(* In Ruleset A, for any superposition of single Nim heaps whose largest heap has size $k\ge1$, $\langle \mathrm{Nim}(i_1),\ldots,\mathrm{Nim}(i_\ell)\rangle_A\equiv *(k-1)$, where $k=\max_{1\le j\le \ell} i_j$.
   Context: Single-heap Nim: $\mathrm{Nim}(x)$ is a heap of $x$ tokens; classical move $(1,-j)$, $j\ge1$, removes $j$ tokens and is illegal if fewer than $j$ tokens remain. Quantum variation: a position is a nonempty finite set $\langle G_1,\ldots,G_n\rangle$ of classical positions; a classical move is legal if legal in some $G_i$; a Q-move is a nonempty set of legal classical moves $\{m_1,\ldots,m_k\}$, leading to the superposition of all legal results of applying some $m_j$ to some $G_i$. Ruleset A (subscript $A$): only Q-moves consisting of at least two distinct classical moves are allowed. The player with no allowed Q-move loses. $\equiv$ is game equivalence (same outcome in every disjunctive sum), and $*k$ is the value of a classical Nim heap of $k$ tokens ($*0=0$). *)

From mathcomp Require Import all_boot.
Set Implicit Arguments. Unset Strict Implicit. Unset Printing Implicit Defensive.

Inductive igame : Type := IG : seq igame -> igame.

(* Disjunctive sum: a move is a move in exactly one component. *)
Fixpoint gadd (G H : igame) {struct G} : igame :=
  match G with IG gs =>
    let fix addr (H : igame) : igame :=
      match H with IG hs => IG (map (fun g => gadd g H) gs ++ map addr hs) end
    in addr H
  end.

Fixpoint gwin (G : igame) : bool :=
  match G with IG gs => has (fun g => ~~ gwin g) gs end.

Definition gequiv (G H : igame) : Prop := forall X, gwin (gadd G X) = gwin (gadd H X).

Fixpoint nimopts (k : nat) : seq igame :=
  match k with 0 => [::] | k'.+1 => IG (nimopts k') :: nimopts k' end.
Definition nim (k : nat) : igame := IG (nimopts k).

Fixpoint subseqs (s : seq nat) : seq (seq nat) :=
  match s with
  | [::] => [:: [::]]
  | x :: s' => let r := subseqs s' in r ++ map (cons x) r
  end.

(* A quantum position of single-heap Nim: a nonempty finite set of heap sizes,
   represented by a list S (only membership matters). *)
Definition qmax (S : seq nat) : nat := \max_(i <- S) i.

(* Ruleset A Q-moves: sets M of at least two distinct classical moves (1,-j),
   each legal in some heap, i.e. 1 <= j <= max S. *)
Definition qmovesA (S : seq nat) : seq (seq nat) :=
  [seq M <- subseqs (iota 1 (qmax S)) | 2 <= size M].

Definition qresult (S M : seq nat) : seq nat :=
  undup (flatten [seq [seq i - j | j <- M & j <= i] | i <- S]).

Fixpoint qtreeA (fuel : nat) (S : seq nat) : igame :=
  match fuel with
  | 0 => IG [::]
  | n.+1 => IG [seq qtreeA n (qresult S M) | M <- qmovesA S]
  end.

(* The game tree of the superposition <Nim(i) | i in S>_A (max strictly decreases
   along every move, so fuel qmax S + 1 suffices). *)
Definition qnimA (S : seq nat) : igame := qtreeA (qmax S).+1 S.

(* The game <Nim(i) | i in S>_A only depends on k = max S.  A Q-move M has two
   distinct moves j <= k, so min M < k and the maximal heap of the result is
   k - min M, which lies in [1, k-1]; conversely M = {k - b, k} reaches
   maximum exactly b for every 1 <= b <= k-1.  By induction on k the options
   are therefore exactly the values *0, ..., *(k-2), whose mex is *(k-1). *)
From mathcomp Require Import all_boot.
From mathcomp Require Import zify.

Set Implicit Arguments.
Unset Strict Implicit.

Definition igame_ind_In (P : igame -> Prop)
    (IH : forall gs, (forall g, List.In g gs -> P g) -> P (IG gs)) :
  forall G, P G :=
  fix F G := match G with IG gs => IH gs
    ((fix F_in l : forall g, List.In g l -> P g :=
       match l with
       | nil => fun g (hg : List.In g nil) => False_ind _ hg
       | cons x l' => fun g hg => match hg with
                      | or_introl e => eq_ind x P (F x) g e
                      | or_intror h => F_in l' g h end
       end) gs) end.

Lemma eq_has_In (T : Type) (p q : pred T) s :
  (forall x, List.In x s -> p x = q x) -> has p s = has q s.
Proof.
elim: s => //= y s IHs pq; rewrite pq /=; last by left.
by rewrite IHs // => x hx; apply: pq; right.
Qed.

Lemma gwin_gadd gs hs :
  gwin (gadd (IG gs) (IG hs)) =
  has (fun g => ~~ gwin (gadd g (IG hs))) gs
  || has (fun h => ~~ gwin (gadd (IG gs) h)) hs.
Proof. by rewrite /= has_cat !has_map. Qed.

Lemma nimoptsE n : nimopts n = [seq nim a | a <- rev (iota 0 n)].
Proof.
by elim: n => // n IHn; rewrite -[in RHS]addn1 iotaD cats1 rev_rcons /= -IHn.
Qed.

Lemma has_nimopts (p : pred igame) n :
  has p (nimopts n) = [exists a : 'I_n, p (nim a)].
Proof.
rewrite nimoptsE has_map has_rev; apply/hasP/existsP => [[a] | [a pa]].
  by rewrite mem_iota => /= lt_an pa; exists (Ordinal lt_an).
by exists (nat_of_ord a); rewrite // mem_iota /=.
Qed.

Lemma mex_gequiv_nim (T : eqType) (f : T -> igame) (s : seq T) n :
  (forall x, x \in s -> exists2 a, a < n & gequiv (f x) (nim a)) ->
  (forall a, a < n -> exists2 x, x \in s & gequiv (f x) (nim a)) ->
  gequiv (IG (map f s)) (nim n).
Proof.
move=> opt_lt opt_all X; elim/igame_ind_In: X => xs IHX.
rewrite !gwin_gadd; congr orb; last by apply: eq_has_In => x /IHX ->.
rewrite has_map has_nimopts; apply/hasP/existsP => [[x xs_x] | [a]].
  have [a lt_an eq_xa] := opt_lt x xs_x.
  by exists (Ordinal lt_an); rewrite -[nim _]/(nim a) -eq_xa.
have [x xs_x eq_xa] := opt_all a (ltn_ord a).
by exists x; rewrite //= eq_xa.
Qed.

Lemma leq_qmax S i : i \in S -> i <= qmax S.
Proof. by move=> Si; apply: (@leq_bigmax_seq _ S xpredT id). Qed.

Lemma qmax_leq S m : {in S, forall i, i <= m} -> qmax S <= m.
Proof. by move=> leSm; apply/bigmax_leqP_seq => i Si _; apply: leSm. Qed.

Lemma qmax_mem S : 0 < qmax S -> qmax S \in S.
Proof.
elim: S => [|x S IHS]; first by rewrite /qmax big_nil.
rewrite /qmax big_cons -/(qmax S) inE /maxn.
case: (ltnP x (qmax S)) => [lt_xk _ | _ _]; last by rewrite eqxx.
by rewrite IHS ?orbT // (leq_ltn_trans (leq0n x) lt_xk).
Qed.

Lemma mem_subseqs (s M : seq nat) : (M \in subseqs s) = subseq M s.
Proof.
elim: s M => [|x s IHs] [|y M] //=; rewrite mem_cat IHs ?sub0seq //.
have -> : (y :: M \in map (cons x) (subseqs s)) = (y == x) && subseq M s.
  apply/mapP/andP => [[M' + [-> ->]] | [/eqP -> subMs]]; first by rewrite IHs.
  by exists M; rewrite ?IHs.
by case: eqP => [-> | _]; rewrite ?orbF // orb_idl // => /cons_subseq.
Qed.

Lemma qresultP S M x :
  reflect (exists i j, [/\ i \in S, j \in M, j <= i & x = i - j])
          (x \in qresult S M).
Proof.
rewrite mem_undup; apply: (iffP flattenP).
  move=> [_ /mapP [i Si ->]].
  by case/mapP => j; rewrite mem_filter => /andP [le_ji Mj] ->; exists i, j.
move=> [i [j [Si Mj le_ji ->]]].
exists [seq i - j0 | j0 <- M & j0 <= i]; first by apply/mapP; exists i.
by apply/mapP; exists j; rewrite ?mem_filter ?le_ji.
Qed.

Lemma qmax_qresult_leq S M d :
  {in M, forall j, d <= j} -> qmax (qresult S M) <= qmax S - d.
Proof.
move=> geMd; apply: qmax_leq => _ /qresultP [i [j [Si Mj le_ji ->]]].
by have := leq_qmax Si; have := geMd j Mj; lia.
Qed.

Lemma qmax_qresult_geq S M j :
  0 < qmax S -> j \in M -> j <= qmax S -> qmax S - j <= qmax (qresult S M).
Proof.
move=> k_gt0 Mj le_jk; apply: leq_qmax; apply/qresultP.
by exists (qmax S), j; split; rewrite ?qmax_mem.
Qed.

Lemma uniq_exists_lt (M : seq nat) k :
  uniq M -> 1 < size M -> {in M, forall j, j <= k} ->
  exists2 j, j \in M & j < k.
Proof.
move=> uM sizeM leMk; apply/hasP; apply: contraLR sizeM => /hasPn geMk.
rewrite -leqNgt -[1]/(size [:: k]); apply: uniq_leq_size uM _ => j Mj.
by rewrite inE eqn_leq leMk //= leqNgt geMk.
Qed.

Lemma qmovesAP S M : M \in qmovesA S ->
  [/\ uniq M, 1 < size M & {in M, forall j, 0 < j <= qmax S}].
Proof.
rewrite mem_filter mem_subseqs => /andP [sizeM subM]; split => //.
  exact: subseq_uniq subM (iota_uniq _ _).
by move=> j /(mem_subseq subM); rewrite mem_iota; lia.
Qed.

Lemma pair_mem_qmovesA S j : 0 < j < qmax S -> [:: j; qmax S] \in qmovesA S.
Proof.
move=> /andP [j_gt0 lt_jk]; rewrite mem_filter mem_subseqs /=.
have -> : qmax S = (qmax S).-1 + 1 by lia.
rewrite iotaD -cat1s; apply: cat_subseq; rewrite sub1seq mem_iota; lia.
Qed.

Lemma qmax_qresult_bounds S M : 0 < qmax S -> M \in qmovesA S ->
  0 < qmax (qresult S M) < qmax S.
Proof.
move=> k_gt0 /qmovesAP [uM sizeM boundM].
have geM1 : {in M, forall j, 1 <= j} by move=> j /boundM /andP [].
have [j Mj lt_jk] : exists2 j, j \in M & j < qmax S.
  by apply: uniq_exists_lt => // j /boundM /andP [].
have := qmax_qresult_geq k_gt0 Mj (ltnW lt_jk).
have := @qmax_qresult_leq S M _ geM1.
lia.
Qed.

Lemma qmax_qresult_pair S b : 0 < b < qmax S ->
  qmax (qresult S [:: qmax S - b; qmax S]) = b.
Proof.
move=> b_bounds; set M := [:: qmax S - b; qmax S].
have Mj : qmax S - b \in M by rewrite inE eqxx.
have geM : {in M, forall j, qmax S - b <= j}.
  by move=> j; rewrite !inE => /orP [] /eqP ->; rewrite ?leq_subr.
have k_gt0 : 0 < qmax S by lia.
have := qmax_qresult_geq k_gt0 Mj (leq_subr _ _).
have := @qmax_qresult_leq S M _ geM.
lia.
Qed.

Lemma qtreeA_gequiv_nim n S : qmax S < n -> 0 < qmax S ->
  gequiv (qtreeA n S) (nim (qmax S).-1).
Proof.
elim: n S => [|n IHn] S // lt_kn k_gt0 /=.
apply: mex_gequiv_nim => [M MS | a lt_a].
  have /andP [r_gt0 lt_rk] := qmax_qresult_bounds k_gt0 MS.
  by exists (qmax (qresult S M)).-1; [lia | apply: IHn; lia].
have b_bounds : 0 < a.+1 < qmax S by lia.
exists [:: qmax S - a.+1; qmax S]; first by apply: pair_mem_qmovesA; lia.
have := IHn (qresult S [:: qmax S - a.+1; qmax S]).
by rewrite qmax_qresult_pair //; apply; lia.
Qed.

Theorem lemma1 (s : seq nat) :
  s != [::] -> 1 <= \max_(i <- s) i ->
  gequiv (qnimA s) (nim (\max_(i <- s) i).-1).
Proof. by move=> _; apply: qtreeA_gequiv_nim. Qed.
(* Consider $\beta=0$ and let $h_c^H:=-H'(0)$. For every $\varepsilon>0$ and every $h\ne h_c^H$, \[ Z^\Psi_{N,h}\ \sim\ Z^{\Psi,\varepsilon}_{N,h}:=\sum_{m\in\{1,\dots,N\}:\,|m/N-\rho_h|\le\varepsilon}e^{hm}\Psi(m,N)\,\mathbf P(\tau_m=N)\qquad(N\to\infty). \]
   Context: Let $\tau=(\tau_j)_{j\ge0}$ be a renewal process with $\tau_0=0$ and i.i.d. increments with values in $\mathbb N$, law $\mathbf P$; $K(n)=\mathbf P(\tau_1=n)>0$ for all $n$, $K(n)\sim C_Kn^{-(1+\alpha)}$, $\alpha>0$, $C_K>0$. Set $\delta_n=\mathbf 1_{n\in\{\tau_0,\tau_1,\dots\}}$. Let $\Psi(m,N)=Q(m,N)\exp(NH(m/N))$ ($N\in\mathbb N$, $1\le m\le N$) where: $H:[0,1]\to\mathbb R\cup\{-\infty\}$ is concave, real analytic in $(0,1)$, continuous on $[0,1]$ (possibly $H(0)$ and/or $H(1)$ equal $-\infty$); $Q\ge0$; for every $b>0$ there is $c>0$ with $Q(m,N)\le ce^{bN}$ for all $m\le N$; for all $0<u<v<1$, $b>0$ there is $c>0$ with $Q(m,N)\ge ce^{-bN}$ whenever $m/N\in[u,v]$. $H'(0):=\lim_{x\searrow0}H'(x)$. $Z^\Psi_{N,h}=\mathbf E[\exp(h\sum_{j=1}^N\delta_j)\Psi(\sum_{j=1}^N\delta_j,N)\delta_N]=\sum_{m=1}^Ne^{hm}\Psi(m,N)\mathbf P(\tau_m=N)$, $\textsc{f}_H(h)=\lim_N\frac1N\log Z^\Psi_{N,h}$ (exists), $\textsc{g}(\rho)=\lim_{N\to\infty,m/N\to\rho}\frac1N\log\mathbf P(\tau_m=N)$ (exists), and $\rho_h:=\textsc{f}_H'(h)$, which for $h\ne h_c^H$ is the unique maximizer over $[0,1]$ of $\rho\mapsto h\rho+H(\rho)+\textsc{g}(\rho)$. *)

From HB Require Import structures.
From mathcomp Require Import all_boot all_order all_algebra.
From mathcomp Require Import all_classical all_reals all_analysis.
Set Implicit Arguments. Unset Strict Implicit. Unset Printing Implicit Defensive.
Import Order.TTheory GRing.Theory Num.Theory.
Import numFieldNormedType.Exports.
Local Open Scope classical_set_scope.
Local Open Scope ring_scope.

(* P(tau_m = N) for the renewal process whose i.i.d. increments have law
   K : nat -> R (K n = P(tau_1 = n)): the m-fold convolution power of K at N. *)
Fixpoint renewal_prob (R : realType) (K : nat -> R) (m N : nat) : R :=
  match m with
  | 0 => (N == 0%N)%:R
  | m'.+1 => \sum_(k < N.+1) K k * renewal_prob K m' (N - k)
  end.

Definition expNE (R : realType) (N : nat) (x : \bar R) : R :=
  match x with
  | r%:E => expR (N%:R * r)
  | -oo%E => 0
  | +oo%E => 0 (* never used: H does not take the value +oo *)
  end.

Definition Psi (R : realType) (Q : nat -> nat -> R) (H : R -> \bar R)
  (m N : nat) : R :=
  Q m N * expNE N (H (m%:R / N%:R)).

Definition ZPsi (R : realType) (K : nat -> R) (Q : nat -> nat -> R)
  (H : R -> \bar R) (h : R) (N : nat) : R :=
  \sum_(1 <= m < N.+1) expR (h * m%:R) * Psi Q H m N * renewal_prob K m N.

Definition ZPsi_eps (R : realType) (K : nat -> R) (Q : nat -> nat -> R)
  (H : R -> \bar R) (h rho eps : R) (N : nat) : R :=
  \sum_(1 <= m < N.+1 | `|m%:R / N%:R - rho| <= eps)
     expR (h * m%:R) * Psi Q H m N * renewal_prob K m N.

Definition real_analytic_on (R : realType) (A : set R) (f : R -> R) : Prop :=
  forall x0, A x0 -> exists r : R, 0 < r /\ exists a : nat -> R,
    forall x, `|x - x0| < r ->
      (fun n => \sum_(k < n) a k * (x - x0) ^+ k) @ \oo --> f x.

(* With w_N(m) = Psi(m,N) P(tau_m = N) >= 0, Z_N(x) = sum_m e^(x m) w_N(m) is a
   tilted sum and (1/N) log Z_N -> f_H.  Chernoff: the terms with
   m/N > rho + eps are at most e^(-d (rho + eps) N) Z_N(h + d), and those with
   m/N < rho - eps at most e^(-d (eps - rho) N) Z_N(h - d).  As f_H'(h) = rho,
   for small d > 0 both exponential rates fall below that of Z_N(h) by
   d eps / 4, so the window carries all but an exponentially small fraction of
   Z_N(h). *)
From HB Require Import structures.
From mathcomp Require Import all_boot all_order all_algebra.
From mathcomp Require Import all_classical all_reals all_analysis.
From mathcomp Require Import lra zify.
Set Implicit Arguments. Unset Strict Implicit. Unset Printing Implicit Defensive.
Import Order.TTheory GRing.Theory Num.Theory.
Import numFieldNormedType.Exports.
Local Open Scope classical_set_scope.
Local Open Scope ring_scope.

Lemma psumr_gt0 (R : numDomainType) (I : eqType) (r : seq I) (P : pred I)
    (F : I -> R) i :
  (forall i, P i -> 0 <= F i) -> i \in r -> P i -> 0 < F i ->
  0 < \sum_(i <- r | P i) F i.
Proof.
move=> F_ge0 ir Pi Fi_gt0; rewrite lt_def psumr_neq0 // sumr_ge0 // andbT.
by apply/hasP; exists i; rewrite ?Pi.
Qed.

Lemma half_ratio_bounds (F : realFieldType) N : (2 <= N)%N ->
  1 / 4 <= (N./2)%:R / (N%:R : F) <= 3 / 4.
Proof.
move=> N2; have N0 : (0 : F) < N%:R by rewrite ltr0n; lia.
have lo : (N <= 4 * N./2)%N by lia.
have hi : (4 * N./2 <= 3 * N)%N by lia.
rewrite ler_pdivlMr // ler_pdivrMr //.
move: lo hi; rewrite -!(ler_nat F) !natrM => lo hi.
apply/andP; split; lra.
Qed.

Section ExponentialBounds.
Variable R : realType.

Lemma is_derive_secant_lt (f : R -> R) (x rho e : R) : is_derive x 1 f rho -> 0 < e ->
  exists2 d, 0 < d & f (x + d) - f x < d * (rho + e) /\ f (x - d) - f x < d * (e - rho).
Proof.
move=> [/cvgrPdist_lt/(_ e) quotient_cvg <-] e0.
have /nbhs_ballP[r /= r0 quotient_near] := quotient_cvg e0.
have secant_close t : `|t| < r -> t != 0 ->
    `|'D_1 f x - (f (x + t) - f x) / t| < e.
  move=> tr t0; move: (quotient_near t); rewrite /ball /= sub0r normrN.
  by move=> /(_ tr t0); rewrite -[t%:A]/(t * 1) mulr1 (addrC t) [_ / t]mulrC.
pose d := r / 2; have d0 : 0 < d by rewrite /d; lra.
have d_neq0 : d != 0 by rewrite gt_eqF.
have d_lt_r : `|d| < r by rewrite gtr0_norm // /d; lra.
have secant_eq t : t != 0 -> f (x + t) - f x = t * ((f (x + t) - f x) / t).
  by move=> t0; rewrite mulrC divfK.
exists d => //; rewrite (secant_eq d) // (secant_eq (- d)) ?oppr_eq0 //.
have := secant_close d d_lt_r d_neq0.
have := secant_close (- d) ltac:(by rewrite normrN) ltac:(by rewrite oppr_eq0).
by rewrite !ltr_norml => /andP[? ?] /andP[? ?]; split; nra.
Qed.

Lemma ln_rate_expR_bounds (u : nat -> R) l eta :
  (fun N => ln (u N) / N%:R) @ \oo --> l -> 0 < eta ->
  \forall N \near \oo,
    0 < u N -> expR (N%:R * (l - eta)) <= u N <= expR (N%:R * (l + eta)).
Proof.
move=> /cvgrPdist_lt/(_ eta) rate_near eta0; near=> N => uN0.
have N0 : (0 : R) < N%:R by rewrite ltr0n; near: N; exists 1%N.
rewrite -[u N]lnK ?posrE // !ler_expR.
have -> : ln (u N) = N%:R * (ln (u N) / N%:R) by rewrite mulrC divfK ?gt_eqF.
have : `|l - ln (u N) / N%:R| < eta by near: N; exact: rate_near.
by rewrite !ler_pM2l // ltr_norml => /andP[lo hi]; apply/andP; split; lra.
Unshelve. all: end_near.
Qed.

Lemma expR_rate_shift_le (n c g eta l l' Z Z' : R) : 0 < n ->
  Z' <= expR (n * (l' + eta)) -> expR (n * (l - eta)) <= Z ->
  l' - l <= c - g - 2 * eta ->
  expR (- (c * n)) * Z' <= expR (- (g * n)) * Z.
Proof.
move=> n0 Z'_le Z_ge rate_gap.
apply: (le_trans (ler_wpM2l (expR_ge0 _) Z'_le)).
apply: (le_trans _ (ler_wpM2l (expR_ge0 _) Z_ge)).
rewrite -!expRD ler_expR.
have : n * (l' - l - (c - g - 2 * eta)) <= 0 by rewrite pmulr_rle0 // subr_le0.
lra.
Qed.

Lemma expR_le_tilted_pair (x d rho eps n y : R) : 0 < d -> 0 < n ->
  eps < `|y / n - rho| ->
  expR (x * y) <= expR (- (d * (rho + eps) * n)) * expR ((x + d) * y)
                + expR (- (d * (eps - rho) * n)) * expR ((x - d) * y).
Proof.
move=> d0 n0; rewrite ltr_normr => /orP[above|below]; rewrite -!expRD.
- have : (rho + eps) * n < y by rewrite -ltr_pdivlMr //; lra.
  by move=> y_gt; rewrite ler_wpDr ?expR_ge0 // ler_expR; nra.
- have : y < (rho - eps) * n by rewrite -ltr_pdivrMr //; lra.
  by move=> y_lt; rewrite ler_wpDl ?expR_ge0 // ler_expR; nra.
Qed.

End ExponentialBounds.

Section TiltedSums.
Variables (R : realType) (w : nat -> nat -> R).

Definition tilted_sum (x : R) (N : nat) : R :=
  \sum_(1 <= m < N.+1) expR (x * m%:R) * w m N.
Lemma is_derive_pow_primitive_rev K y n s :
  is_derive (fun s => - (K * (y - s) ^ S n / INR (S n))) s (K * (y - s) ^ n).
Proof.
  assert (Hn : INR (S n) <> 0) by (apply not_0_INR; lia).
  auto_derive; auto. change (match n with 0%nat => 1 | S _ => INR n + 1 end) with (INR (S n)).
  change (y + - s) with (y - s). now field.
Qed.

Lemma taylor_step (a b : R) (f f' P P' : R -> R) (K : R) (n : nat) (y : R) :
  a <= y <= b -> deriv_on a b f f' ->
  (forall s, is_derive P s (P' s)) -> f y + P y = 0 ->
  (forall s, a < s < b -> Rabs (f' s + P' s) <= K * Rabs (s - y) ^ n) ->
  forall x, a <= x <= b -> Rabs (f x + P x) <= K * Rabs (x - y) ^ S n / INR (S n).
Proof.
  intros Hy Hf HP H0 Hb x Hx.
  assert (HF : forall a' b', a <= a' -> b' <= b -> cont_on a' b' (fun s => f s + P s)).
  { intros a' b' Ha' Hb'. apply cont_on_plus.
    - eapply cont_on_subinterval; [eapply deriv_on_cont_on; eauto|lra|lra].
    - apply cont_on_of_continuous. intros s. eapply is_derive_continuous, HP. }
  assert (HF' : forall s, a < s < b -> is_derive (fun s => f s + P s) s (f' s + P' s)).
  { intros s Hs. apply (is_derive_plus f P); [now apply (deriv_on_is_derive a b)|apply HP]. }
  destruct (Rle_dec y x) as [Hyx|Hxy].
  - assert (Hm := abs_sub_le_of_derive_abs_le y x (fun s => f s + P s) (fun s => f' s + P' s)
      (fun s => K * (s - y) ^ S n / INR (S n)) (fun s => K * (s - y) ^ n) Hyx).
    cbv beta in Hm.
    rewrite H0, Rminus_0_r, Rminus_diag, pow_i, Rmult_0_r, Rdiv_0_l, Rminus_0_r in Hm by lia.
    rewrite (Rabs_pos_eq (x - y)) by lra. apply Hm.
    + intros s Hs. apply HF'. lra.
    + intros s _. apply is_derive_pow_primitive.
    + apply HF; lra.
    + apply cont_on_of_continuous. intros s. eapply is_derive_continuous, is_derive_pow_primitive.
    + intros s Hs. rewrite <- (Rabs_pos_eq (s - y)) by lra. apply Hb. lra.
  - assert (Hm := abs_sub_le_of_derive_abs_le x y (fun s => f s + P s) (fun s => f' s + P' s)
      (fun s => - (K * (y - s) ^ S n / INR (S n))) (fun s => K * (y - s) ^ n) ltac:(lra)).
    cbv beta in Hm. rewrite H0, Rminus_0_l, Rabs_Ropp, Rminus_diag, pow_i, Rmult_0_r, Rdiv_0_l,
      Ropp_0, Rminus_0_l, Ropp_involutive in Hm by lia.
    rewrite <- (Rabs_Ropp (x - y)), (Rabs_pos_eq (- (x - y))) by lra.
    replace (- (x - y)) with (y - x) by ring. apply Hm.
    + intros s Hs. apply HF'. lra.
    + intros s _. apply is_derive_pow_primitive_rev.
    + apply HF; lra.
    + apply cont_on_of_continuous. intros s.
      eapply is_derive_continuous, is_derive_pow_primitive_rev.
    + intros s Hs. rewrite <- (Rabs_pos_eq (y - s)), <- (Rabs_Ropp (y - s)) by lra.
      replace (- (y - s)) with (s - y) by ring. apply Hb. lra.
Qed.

····················

(About this task)
Each line of the entries above that includes the string "values" should be copied out.

(Solved exercise)
   are therefore exactly the values *0, ..., *(k-2), whose mex is *(k-1). *)
   Context: Let $\tau=(\tau_j)_{j\ge0}$ be a renewal process with $\tau_0=0$ and i.i.d. increments with values in $\mathbb N$, law $\mathbf P$; $K(n)=\mathbf P(\tau_1=n)>0$ for all $n$, $K(n)\sim C_Kn^{-(1+\alpha)}$, $\alpha>0$, $C_K>0$. Set $\delta_n=\mathbf 1_{n\in\{\tau_0,\tau_1,\dots\}}$. Let $\Psi(m,N)=Q(m,N)\exp(NH(m/N))$ ($N\in\mathbb N$, $1\le m\le N$) where: $H:[0,1]\to\mathbb R\cup\{-\infty\}$ is concave, real analytic in $(0,1)$, continuous on $[0,1]$ (possibly $H(0)$ and/or $H(1)$ equal $-\infty$); $Q\ge0$; for every $b>0$ there is $c>0$ with $Q(m,N)\le ce^{bN}$ for all $m\le N$; for all $0<u<v<1$, $b>0$ there is $c>0$ with $Q(m,N)\ge ce^{-bN}$ whenever $m/N\in[u,v]$. $H'(0):=\lim_{x\searrow0}H'(x)$. $Z^\Psi_{N,h}=\mathbf E[\exp(h\sum_{j=1}^N\delta_j)\Psi(\sum_{j=1}^N\delta_j,N)\delta_N]=\sum_{m=1}^Ne^{hm}\Psi(m,N)\mathbf P(\tau_m=N)$, $\textsc{f}_H(h)=\lim_N\frac1N\log Z^\Psi_{N,h}$ (exists), $\textsc{g}(\rho)=\lim_{N\to\infty,m/N\to\rho}\frac1N\log\mathbf P(\tau_m=N)$ (exists), and $\rho_h:=\textsc{f}_H'(h)$, which for $h\ne h_c^H$ is the unique maximizer over $[0,1]$ of $\rho\mapsto h\rho+H(\rho)+\textsc{g}(\rho)$. *)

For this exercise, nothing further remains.